Exercise goal:
Look below for the line containing "From mathcomp Require Import cyclic."; from there, print each line exactly up to and including the line containing "(* A codeword", and stop.

Stored data entries:

(* Let $n\in\mathbb{N}$ and $0\leq\delta\leq n-1$, and let $q$ be a prime power with $n\leq q-1$. Put $\mathbb{F}:=\mathbb{F}_q$ and choose $\alpha\in\mathbb{F}$ with $\mathrm{ord}(\alpha)\geq n$. Define \[ G:=\sum_{\nu=0}^{\delta}z^\nu\begin{pmatrix}1&\alpha^\nu&\alpha^{2\nu}&\ldots&\alpha^{(n-1)\nu}\end{pmatrix}\in\mathbb{F}[z]^{1\times n} \] and $\mathcal{C}:=\mathrm{im}\,G=\{uG\mid u\in\mathbb{F}[z]\}\subseteq\mathbb{F}[z]^n$. Then $G$ is right invertible (so $\mathcal{C}$ is a convolutional code with parameters $(n,1,\delta)$), and $\mathrm{dist}(\mathcal{C})=n(\delta+1)$. In other words, $\mathcal{C}$ is an MDS convolutional code with parameters $(n,1,\delta)$.
   Context: $\mathrm{ord}(\alpha)$ denotes the multiplicative order of $\alpha$ in $\mathbb{F}^*$. A matrix $G\in\mathbb{F}[z]^{k\times n}$ is right invertible if $G\tilde G=I_k$ for some $\tilde G\in\mathbb{F}[z]^{n\times k}$. A convolutional code with parameters $(n,k,\delta)$ is a submodule $\mathcal{C}=\mathrm{im}\,G=\{uG\mid u\in\mathbb{F}[z]^k\}\subseteq\mathbb{F}[z]^n$ where $G\in\mathbb{F}[z]^{k\times n}$ is right invertible and $\delta$ is the maximum degree of the $k\times k$ minors of $G$ (the overall constraint length). For $v=\sum_{j=0}^N v_jz^j\in\mathbb{F}[z]^n$ with $v_j\in\mathbb{F}^n$, the weight is $\mathrm{wt}(v)=\sum_j\mathrm{wt}(v_j)$ with Hamming weight $\mathrm{wt}(v_j)$, and $\mathrm{dist}(\mathcal{C})=\min\{\mathrm{wt}(v)\mid v\in\mathcal{C},v\neq0\}$. A code with parameters $(n,k,\delta)$ is MDS if its distance equals $(n-k)(\lfloor\delta/k\rfloor+1)+\delta+1$, which for $k=1$ equals $n(\delta+1)$. *)

From HB Require Import structures.
From mathcomp Require Import all_boot all_order all_algebra all_fingroup all_field.
Set Implicit Arguments. Unset Strict Implicit. Unset Printing Implicit Defensive.
Import GRing.Theory.
Local Open Scope ring_scope.

Section Conv.
Variable F : fieldType.

Definition Gmat (n delta : nat) (a : F) : 'rV[{poly F}]_n :=
  \sum_(nu < delta.+1) ('X ^+ nu) *: \row_(j < n) ((a ^+ (j * nu)%N)%:P).

Definition right_invertible (k n : nat) (G : 'M[{poly F}]_(k, n)) : Prop :=
  exists Gt : 'M[{poly F}]_(n, k), G *m Gt = 1%:M.

(* overall constraint length for k = 1: maximum degree of the 1x1 minors *)
Definition constraint_length1 (n : nat) (G : 'rV[{poly F}]_n) : nat :=
  (\max_(j < n) (size (G ord0 j)).-1)%N.

Definition code (k n : nat) (G : 'M[{poly F}]_(k, n)) (v : 'rV[{poly F}]_n) : Prop :=
  exists u : 'rV[{poly F}]_k, v = u *m G.

Definition coefvec (n : nat) (v : 'rV[{poly F}]_n) (j : nat) : 'rV[F]_n :=
  \row_i (v ord0 i)`_j.

Definition hwt (n : nat) (w : 'rV[F]_n) : nat := #|[set i | w ord0 i != 0]|.

Definition wt (n : nat) (v : 'rV[{poly F}]_n) : nat :=
  (\sum_(j < (\max_(i < n) size (v ord0 i))%N) hwt (coefvec v j))%N.

Definition dist_eq (n : nat) (C : 'rV[{poly F}]_n -> Prop) (d : nat) : Prop :=
  (exists v, C v /\ v != 0 /\ wt v = d) /\
  (forall v, C v -> v != 0 -> (d <= wt v)%N).
End Conv.

From HB Require Import structures.
From mathcomp Require Import all_boot all_order all_algebra all_fingroup all_field.
From mathcomp Require Import cyclic.
From mathcomp Require Import zify.
Set Implicit Arguments. Unset Strict Implicit. Unset Printing Implicit Defensive.
Import GRing.Theory.
Local Open Scope ring_scope.

(* A codeword is p G = (p g_0, ..., p g_(n-1)) with g_i(z) = sum_(k <= delta) (a^i z)^k,
   so its t-th coefficient vector evaluates Q_t(y) = sum_(r <= delta) p_(t-r) y^r at the
   distinct nonzero points a^0, ..., a^(n-1).  If the nonzero coefficients of p lie between
   s0 and m = deg p, then for t in either window [s0, s0 + delta] or [m, m + delta] the
   polynomial Q_t is nonzero and, once a power of y is factored out, has degree at most
   min(t - s0, delta) - (t - m); so v_t has at most that many zero entries.  Summing over the
   two windows gives weight at least n (delta + 1), using delta < n.
   For right invertibility, G = (1, z, ..., z^delta) V with V a Vandermonde matrix on
   distinct points, which has a constant right inverse. *)

Section WindowSums.
Local Open Scope nat_scope.

Lemma leq_sum_prefix (f : nat -> nat) l L :
  l <= L -> \sum_(j < l) f j <= \sum_(j < L) f j.
Proof. by move=> lL; rewrite -(subnKC lL) big_split_ord leq_addr. Qed.

Lemma window_sum_lb (f : nat -> nat) n delta D : delta < n ->
  (forall j, j <= delta -> n <= f j + minn j D) ->
  (forall j, j <= delta -> n <= f (D + j) + minn D (delta - j)) ->
  n * delta.+1 <= \sum_(j < D + delta.+1) f j.
Proof.
move=> lt_delta_n left_lb right_lb; rewrite big_split_ord /=.
have [le_D_delta | lt_delta_D] := leqP D delta; last first.
  apply: leq_trans (leq_add (leq_sum_prefix f lt_delta_D) (leqnn _)).
  rewrite -big_split /= -[n * _]mulnC -[X in X * n](card_ord delta.+1) -sum_nat_const.
  apply: leq_sum => j _; have le_j := ltn_ord j.
  by have := left_lb j le_j; have := right_lb j le_j; lia.
(* The windows overlap: pair [j < D] with [delta.+1 + j].  Each pair exceeds [n] by [e],
   which pays for the deficit, at most [D], of each of the [e] unpaired terms. *)
have [e def_e] : exists e, delta.+1 = e + D by exists (delta.+1 - D); rewrite subnK // ltnW.
rewrite def_e big_split_ord /= addnCA.
set S_left := \sum_(j < D) f j; set S_right := \sum_(j < D) f (D + (e + j)).
set S_mid := \sum_(j < e) f (D + j).
have pairs : D * (n + e) <= S_left + S_right.
  rewrite -big_split -[X in X * _](card_ord D) -sum_nat_const; apply: leq_sum => j _ /=.
  have lt_j := ltn_ord j.
  have := left_lb j (ltnW (leq_trans lt_j le_D_delta)).
  by have := right_lb (e + j) ltac:(lia); lia.
have singles : e * n <= S_mid + e * D.
  rewrite -[X in X * n](card_ord e) -[X in _ + X * D](card_ord e) -!sum_nat_const -big_split /=.
  apply: leq_sum => j _; have lt_j := ltn_ord j.
  by have := right_lb j ltac:(lia); lia.
lia.
Qed.
End WindowSums.

Lemma card_nonzero_roots_lt (T : finType) (R : idomainType) (f : T -> R)
    (q : {poly R}) k :
  injective f -> (forall x, f x != 0) -> q != 0 ->
  (forall r, (r < k)%N -> q`_r = 0) ->
  (#|[set x | root q (f x)]| < size q - k)%N.
Proof.
move=> f_inj f_neq0 q_neq0 q_low.
have q_split : q = drop_poly k q * 'X^k.
  rewrite -{1}(poly_take_drop k q) [take_poly k q](_ : _ = 0) ?add0r //.
  by apply/polyP => r; rewrite coef_take_poly coef0; case: ltnP => // /q_low.
rewrite -size_drop_poly cardE -(size_map f); apply: max_poly_roots.
- by apply: contraNneq q_neq0 => q_hi0; rewrite q_split q_hi0 mul0r.
- apply/allP => _ /mapP [x + ->]; rewrite mem_enum inE /root {1}q_split hornerM.
  by rewrite hornerXn mulf_eq0 expf_eq0 (negbTE (f_neq0 x)) andbF orbF.
- by rewrite map_inj_uniq ?enum_uniq.
Qed.

Lemma row_free_Vandermonde (F : fieldType) m n (x : 'rV[F]_n) :
  (m <= n)%N -> injective (x 0) -> row_free (Vandermonde m x).
Proof.
move=> le_m_n x_inj; apply: inj_row_free => u uV0.
have u_root j : root (rVpoly u) (x 0 j).
  have := congr1 (fun w : 'rV_n => w 0 j) uV0; rewrite !mxE /root => <-.
  by rewrite horner_poly; apply/eqP/eq_bigr => i _; rewrite valK !mxE.
have u_poly0 : rVpoly u = 0.
  apply: (roots_geq_poly_eq0 (rs := [seq x 0 j | j : 'I_n])).
  - by apply/allP => _ /mapP [j _ ->].
  - by rewrite map_inj_uniq ?enum_uniq.
  - by rewrite size_map size_enum_ord (leq_trans (size_poly _ _)).
by rewrite -[u]rVpolyK u_poly0 linear0.
Qed.

Lemma bigmax_const_ord (n k : nat) : (0 < n)%N -> (\max_(i < n) k)%N = k.
Proof.
case: n => // n _; elim: n => [|n IHn]; first by rewrite big_ord1.
by rewrite big_ord_recr /= IHn maxnn.
Qed.

Lemma expr_unit_inj (R : finUnitRingType) (a : {unit R}) n :
  (n <= #[a]%g)%N -> injective (fun i : 'I_n => val a ^+ i).
Proof.
move=> le_n_a i j /=; rewrite -!FinRing.val_unitX => /val_inj/eqP.
by rewrite eq_expg_ord // => /eqP.
Qed.

Section GeneratorMatrix.
Variables (F : fieldType) (n delta : nat) (a : F).
Hypotheses (a_neq0 : a != 0) (expr_inj : injective (fun i : 'I_n => a ^+ i)).
Hypothesis lt_delta_n : (delta < n)%N.
Local Notation G := (Gmat n delta a).

Let n_gt0 : (0 < n)%N. Proof. exact: leq_ltn_trans lt_delta_n. Qed.

Lemma Gmat_entry i : G ord0 i = \poly_(k < delta.+1) (a ^+ i) ^+ k.
Proof.
rewrite /Gmat summxE poly_def; apply: eq_bigr => k _.
by rewrite !mxE -mul_polyC mulrC exprM.
Qed.

Lemma size_Gmat_entry i : size (G ord0 i) = delta.+1.
Proof. by rewrite Gmat_entry size_poly_eq // !expf_neq0. Qed.

Lemma Gmat_neq0 : G != 0.
Proof.
apply/eqP => /matrixP/(_ ord0 (Ordinal n_gt0))/eqP.
by rewrite mxE -size_poly_eq0 size_Gmat_entry.
Qed.

Lemma constraint_length_Gmat : constraint_length1 G = delta.
Proof.
rewrite /constraint_length1; under eq_bigr do rewrite size_Gmat_entry.
exact: bigmax_const_ord n_gt0.
Qed.

Lemma Gmat_Vandermonde :
  G = \row_(k < delta.+1) 'X^k *m map_mx polyC (Vandermonde delta.+1 (\row_(i < n) a ^+ i)).
Proof.
apply/rowP => i; rewrite Gmat_entry poly_def !mxE.
by apply: eq_bigr => k _; rewrite !mxE mulrC mul_polyC.
Qed.

Lemma Gmat_right_invertible : right_invertible G.
Proof.
have x_inj : injective ((\row_(i < n) a ^+ i) 0) by move=> i j; rewrite !mxE => /expr_inj.
have /row_freeP [R VR] := row_free_Vandermonde lt_delta_n x_inj.
exists (map_mx polyC (R *m delta_mx 0 0)).
rewrite Gmat_Vandermonde -mulmxA -map_mxM mulmxA VR mul1mx map_delta_mx -colE.
by apply/matrixP => i j; rewrite !ord1 !mxE expr0.
Qed.

Lemma wt_Gmat : wt G = (n * delta.+1)%N.
Proof.
have max_size : (\max_(i < n) size (G ord0 i))%N = delta.+1.
  by rewrite (eq_bigr (fun=> delta.+1)) ?bigmax_const_ord ?n_gt0 // => i _; exact: size_Gmat_entry.
rewrite /wt max_size -[in RHS](card_ord delta.+1) mulnC -sum_nat_const.
apply: eq_bigr => t _; rewrite /hwt -[RHS](card_ord n); apply: eq_card => i.
by rewrite !inE mxE Gmat_entry coef_poly ltn_ord !expf_neq0.
Qed.

Definition slice_poly (p : {poly F}) t : {poly F} :=
  \poly_(r < t.+1) (p`_(t - r) *+ (r <= delta)%N).

Lemma coefvec_scale_Gmat p t i : coefvec (p *: G) t 0 i = (slice_poly p t).[a ^+ i].
Proof.
rewrite !mxE coefMr horner_poly; apply: eq_bigr => r _.
by rewrite Gmat_entry coef_poly ltnS; case: leqP; rewrite ?mulr0 ?mul0r.
Qed.

Lemma hwt_coefvec_lb p t k : slice_poly p t != 0 ->
    (forall r, (r < k)%N -> (slice_poly p t)`_r = 0) ->
  (n < hwt (coefvec (p *: G) t) + (size (slice_poly p t) - k))%N.
Proof.
move=> Q_neq0 Q_low; set Z := [set i : 'I_n | root (slice_poly p t) (a ^+ i)].
have -> : hwt (coefvec (p *: G) t) = #|~: Z|.
  by apply: eq_card => i; rewrite !inE coefvec_scale_Gmat.
rewrite -[n in (n < _)%N]card_ord -(cardsC Z) addnC ltn_add2l.
exact: card_nonzero_roots_lt expr_inj (fun i => expf_neq0 _ a_neq0) Q_neq0 Q_low.
Qed.

Section Codeword.
Variables (p : {poly F}) (s0 m : nat).
Hypotheses (p_s0 : p`_s0 != 0) (p_below_s0 : forall r, (r < s0)%N -> p`_r = 0).
Hypothesis size_p : size p = m.+1.
Local Notation w t := (hwt (coefvec (p *: G) t)).

Let s0_le_m : (s0 <= m)%N.
Proof. by rewrite -ltnS -size_p; apply: contraNT p_s0; rewrite -leqNgt => /(nth_default 0) ->. Qed.

Lemma hwt_slice_lb t : slice_poly p t != 0 ->
  (n <= w t + (minn (t - s0) delta - (t - m)))%N.
Proof.
move=> Q_neq0.
have Q_low r : (r < t - m)%N -> (slice_poly p t)`_r = 0.
  move=> lt_r; rewrite coef_poly; case: ifP => // _.
  by rewrite nth_default ?mul0rn // size_p; lia.
have Q_size : (size (slice_poly p t) <= (minn (t - s0) delta).+1)%N.
  apply/leq_sizeP => r le_r; rewrite coef_poly; case: ltnP => // lt_r_t.
  case: leqP => [le_r_delta | _]; last by rewrite mulr0n.
  by rewrite p_below_s0 ?mul0rn //; lia.
by have := hwt_coefvec_lb Q_neq0 Q_low; lia.
Qed.

Lemma left_window_lb j : (j <= delta)%N -> (n <= w (s0 + j) + minn j (m - s0))%N.
Proof.
move=> le_j_delta; have := s0_le_m.
have Q_neq0 : slice_poly p (s0 + j) != 0.
  apply: contraNneq p_s0 => /polyP/(_ j).
  by rewrite /slice_poly coef_poly ltnS leq_addl le_j_delta addnK mulr1n coef0 => ->.
by have := hwt_slice_lb Q_neq0; lia.
Qed.

Lemma right_window_lb j : (j <= delta)%N ->
  (n <= w (m + j) + minn (m - s0) (delta - j))%N.
Proof.
move=> le_j_delta; have := s0_le_m.
have p_m : p`_m != 0.
  by rewrite -[m]/(m.+1.-1) -size_p -lead_coefE lead_coef_eq0 -size_poly_gt0 size_p.
have Q_neq0 : slice_poly p (m + j) != 0.
  apply: contraNneq p_m => /polyP/(_ j).
  by rewrite /slice_poly coef_poly ltnS leq_addl le_j_delta addnK mulr1n coef0 => ->.
by have := hwt_slice_lb Q_neq0; lia.
Qed.

Lemma wt_scale_Gmat_lb : (n * delta.+1 <= wt (p *: G))%N.
Proof.
have le_s0_m := s0_le_m.
have max_size : (\max_(i < n) size ((p *: G) ord0 i) = s0 + ((m - s0) + delta.+1))%N.
  rewrite (eq_bigr (fun=> (s0 + ((m - s0) + delta.+1))%N)) ?bigmax_const_ord ?n_gt0 // => i _.
  rewrite mxE size_mul ?size_p ?size_Gmat_entry; first lia.
    by rewrite -size_poly_eq0 size_p.
  by rewrite -size_poly_eq0 size_Gmat_entry.
rewrite /wt max_size big_split_ord /=; apply: leq_trans (leq_addl _ _).
apply: (window_sum_lb (f := fun j => w (s0 + j))) => // j le_j_delta; first exact: left_window_lb.
by rewrite addnA subnKC ?right_window_lb.
Qed.

End Codeword.

Lemma dist_Gmat : dist_eq (code G) (n * delta.+1).
Proof.
split.
  exists G; split; first by exists 1%:M; rewrite mul1mx.
  by split; [exact: Gmat_neq0 | exact: wt_Gmat].
move=> _ [u ->]; rewrite [u]mx11_scalar mul_scalar_mx => uG_neq0.
set p := u 0 0 in uG_neq0 *.
have p_neq0 : p != 0 by apply: contraNneq uG_neq0 => ->; rewrite scale0r.
have [|s0 p_s0 s0_min] := ex_minnP (P := fun k => p`_k != 0).
  by exists (size p).-1; rewrite -lead_coefE lead_coef_eq0.
apply: (wt_scale_Gmat_lb p_s0 _ (esym (prednK _))); last by rewrite size_poly_gt0.
by move=> r lt_r_s0; apply/eqP; apply: contraTT lt_r_s0 => /s0_min; rewrite -leqNgt.
Qed.

End GeneratorMatrix.

Theorem theorem2p1 (F : finFieldType) (n delta : nat) (a : {unit F}) :
  (delta < n)%N -> (n <= #|F|.-1)%N -> (n <= #[a]%g)%N ->
  [/\ right_invertible (Gmat n delta (val a)),
      constraint_length1 (Gmat n delta (val a)) = delta
    & dist_eq (code (Gmat n delta (val a))) (n * delta.+1)%N].
Proof.
move=> lt_delta_n _ le_n_a.
have a_neq0 : val a != 0 by rewrite -unitfE (valP a).
have expr_inj := expr_unit_inj le_n_a.
by split; [exact: Gmat_right_invertible | exact: constraint_length_Gmat | exact: dist_Gmat].
Qed.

Written solution:
From mathcomp Require Import cyclic.
From mathcomp Require Import zify.
Set Implicit Arguments. Unset Strict Implicit. Unset Printing Implicit Defensive.
Import GRing.Theory.
Local Open Scope ring_scope.

(* A codeword is p G = (p g_0, ..., p g_(n-1)) with g_i(z) = sum_(k <= delta) (a^i z)^k,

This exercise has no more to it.